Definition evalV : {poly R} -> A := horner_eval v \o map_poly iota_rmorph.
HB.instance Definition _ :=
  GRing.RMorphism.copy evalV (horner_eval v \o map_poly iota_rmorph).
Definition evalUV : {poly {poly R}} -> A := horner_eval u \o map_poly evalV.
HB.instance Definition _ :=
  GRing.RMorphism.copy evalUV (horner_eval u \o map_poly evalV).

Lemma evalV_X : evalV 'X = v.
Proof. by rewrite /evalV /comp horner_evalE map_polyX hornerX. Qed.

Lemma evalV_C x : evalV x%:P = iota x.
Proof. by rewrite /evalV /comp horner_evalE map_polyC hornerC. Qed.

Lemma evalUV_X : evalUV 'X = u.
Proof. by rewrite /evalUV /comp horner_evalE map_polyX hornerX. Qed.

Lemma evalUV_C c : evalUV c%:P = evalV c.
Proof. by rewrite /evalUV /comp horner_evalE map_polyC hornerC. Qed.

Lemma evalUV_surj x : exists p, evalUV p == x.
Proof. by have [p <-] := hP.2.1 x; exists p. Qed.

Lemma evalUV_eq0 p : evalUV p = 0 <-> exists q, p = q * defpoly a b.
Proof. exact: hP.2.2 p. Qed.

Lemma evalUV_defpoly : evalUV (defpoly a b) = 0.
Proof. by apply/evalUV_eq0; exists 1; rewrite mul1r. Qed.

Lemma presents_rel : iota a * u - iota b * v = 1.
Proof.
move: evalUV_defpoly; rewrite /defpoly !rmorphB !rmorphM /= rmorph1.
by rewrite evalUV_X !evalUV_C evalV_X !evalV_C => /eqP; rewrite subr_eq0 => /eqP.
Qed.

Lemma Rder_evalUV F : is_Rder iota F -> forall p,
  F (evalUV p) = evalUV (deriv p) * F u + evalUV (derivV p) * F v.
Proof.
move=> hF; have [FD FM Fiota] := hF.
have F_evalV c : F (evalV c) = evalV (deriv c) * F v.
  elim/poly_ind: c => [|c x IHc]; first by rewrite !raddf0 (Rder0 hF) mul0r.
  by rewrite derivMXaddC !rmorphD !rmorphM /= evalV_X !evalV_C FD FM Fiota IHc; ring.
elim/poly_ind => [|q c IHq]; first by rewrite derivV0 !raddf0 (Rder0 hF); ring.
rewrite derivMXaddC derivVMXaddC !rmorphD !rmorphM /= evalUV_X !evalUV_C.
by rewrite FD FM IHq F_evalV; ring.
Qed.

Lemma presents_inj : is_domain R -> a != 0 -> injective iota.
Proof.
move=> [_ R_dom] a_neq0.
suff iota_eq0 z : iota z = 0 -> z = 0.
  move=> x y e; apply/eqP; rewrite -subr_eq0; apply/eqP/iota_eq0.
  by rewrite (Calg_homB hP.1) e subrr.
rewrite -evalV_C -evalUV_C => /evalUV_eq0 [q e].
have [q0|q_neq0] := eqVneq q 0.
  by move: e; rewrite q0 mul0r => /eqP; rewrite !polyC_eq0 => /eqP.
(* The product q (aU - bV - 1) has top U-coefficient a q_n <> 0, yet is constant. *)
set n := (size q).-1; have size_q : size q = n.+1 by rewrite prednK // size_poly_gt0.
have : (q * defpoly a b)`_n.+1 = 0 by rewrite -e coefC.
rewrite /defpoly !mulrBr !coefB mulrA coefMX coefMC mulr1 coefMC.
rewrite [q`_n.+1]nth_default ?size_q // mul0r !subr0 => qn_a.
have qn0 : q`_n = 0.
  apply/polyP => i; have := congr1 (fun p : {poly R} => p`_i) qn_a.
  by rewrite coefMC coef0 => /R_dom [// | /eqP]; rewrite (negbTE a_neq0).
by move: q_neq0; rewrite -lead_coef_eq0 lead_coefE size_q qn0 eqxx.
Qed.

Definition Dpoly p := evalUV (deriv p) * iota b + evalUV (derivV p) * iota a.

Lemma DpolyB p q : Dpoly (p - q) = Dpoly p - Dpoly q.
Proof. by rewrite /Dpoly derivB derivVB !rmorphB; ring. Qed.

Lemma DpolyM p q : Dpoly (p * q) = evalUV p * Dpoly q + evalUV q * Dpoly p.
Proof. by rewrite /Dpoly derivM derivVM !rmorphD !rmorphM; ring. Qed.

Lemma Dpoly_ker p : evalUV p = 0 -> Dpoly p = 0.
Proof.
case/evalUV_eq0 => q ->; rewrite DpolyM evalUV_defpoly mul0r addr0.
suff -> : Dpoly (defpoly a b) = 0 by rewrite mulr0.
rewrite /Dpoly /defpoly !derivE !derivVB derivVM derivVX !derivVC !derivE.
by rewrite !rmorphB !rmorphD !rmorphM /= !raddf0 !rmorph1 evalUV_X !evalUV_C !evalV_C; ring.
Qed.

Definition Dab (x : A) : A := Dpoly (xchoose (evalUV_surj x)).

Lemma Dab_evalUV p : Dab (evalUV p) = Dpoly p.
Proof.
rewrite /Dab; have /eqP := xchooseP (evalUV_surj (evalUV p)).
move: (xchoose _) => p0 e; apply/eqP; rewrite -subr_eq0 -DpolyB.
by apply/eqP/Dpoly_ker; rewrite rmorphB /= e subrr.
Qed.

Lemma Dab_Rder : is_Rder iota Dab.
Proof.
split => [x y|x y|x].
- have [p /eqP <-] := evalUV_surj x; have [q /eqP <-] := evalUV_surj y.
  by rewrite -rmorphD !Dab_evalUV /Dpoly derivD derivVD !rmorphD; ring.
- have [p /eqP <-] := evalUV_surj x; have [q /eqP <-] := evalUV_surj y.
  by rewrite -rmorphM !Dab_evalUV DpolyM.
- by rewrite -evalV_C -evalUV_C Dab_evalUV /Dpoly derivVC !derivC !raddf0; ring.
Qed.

---------------

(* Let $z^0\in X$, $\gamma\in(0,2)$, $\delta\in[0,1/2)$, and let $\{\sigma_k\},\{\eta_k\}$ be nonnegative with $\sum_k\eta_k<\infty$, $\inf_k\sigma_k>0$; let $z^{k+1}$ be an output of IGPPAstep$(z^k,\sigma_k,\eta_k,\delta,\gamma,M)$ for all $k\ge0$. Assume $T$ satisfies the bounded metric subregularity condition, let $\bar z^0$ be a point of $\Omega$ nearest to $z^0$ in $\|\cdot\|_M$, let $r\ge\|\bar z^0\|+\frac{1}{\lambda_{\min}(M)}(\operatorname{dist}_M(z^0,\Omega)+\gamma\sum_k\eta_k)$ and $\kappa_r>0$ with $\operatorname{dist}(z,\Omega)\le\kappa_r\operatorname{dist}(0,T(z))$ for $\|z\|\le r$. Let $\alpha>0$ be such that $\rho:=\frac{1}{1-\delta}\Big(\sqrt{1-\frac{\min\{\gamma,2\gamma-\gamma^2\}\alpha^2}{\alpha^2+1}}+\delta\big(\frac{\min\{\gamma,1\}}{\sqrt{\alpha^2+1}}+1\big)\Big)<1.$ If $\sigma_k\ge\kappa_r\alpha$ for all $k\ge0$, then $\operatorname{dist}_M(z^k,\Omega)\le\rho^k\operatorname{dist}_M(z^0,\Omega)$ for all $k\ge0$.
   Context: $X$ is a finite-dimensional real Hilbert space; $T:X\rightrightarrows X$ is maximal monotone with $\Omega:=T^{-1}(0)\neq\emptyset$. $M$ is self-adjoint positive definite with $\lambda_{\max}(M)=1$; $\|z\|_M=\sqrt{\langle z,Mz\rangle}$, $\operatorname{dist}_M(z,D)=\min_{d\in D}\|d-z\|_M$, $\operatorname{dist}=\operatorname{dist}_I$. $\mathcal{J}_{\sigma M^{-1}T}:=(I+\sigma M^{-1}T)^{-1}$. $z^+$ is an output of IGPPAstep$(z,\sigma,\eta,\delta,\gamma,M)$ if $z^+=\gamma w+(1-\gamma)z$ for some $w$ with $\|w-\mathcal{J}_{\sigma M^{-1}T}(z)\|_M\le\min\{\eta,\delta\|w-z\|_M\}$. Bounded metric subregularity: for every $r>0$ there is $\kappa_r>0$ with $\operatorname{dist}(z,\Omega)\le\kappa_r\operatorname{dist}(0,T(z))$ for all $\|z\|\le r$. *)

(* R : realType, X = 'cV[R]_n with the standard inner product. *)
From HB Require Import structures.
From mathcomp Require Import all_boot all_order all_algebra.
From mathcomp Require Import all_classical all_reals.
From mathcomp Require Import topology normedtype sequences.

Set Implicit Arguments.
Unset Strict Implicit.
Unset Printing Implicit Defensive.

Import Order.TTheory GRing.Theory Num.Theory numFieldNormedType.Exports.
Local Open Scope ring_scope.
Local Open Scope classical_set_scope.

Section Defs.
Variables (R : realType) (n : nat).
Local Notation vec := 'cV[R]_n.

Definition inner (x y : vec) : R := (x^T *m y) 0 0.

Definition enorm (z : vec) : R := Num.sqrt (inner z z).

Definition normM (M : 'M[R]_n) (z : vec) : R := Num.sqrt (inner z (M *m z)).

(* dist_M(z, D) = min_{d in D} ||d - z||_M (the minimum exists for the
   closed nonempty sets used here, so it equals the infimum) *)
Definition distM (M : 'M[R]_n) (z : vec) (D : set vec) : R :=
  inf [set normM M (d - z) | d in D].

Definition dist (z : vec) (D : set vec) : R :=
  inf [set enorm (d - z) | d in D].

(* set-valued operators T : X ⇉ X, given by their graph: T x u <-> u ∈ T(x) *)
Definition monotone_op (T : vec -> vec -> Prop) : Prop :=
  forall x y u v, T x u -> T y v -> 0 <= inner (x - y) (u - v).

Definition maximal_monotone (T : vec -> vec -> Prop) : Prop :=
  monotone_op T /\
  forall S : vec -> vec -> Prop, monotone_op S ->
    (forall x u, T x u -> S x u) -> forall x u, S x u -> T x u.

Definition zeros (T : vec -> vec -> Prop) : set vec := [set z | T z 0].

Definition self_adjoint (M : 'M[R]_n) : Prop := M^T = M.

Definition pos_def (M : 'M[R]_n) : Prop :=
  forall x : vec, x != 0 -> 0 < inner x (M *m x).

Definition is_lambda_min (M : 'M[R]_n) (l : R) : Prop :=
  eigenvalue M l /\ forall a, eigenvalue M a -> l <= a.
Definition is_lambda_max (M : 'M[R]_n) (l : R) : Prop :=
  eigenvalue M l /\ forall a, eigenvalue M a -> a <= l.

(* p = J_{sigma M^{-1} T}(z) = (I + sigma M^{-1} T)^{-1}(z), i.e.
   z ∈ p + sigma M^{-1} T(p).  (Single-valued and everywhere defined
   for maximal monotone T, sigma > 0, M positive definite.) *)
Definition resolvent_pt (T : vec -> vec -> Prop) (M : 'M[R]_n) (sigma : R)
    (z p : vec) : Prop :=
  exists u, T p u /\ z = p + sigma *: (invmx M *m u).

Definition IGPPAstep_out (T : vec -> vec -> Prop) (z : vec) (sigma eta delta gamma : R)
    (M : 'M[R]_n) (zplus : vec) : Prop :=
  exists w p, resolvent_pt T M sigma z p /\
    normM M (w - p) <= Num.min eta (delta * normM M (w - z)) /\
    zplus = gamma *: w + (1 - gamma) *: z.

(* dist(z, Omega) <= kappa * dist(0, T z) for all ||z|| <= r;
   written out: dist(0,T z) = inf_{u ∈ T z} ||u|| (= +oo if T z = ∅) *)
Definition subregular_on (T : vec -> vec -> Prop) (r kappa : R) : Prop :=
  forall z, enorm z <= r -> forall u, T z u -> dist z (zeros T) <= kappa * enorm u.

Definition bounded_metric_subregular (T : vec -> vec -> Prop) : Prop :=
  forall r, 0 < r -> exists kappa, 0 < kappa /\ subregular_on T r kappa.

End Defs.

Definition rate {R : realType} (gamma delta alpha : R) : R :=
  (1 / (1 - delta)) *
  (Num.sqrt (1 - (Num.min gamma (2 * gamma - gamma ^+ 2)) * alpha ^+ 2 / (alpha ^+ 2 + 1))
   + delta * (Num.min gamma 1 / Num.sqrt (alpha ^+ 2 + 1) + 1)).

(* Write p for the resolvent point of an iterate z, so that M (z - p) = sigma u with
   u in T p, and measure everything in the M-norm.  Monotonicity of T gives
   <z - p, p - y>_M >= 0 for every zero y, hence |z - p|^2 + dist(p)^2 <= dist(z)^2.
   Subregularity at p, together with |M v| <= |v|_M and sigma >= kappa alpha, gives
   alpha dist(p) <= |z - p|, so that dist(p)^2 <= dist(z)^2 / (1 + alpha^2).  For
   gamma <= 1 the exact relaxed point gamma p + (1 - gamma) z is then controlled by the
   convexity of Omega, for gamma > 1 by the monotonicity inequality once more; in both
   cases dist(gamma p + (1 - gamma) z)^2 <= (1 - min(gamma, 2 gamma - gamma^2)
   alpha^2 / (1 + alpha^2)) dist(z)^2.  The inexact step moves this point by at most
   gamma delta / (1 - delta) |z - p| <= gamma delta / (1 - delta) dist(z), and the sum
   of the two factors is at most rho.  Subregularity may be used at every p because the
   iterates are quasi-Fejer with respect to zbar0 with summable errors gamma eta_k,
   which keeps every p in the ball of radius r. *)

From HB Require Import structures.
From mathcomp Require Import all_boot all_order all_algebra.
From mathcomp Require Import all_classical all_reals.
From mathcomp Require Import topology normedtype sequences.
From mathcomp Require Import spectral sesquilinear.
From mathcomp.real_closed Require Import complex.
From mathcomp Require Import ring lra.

---------------

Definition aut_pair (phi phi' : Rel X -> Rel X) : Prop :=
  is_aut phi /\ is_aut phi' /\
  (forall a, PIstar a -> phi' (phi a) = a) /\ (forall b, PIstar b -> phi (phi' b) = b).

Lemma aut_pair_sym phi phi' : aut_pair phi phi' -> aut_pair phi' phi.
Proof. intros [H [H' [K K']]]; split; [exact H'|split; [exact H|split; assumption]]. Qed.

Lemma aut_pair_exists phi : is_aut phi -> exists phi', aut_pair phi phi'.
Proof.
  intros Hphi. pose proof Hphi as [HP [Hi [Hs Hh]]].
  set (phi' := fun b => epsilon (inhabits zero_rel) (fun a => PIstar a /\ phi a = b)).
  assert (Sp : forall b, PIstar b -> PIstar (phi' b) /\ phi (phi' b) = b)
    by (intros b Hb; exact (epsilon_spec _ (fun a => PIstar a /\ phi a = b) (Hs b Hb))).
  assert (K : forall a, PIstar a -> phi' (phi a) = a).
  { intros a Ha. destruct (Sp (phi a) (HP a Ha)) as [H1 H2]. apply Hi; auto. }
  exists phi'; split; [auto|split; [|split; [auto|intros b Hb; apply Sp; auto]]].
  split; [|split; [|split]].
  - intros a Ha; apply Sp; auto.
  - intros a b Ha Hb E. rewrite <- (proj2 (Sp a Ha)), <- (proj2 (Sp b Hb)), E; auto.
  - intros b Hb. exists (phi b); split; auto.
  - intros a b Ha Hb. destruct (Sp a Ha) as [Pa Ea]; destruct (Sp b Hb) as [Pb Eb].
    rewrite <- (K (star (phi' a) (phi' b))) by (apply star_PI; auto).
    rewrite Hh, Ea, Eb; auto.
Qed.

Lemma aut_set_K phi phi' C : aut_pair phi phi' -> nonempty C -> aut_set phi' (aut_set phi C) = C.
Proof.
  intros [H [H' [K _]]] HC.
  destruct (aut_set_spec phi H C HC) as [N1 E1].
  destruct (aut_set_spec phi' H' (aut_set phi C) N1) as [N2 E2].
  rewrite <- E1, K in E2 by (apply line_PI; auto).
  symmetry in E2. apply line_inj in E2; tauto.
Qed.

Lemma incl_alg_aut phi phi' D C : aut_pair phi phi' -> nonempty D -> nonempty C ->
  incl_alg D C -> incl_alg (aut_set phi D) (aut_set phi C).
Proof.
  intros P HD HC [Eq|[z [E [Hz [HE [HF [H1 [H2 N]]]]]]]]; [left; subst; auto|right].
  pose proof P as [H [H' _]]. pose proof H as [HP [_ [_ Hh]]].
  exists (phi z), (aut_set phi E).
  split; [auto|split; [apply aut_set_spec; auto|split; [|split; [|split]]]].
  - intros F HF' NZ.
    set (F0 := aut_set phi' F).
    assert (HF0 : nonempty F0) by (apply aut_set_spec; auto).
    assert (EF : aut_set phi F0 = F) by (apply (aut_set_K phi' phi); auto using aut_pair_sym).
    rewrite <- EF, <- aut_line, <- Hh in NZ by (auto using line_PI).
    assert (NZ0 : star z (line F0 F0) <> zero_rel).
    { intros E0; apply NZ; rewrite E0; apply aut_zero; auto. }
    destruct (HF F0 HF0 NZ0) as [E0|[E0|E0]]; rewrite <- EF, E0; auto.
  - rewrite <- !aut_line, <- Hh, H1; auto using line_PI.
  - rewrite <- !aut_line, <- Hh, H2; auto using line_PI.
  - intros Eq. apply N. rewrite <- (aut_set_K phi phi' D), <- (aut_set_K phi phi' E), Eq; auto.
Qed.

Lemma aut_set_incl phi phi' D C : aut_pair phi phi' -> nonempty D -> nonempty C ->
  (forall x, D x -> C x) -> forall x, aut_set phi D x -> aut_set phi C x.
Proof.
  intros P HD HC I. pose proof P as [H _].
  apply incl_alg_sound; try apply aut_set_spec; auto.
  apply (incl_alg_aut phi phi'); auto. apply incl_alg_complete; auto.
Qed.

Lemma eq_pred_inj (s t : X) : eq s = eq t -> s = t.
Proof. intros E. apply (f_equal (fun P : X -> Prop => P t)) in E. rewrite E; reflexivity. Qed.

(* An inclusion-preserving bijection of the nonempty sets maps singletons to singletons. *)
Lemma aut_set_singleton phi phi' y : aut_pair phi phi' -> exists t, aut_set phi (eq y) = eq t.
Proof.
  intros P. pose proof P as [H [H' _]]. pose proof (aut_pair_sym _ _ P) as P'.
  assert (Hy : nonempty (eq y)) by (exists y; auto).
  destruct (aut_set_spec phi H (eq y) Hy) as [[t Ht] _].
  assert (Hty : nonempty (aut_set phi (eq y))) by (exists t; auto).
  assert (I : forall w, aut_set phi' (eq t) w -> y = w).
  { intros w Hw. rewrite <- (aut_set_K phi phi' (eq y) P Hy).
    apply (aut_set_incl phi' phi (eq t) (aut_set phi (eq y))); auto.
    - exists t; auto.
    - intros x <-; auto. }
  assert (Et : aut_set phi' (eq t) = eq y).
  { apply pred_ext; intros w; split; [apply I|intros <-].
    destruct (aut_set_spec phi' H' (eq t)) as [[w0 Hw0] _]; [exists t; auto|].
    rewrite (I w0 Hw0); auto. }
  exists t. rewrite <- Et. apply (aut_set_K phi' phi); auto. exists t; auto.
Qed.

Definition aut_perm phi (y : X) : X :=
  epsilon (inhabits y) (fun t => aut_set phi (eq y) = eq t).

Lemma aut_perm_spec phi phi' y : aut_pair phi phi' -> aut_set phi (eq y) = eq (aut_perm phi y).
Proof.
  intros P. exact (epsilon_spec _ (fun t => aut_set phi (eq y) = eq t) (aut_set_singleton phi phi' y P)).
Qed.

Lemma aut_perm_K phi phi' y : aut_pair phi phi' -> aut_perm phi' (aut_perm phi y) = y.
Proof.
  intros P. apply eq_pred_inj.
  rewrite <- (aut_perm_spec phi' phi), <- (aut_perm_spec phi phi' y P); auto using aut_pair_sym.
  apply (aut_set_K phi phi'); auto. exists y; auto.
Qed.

---------------

Prompt
Using the data above, reproduce exactly the lines from the line that contains "alpha^2 / (1" through the line that contains "iterates are quasi-Fejer", including both.

Exercise result
   alpha^2 / (1 + alpha^2)) dist(z)^2.  The inexact step moves this point by at most
   gamma delta / (1 - delta) |z - p| <= gamma delta / (1 - delta) dist(z), and the sum
   of the two factors is at most rho.  Subregularity may be used at every p because the
   iterates are quasi-Fejer with respect to zbar0 with summable errors gamma eta_k,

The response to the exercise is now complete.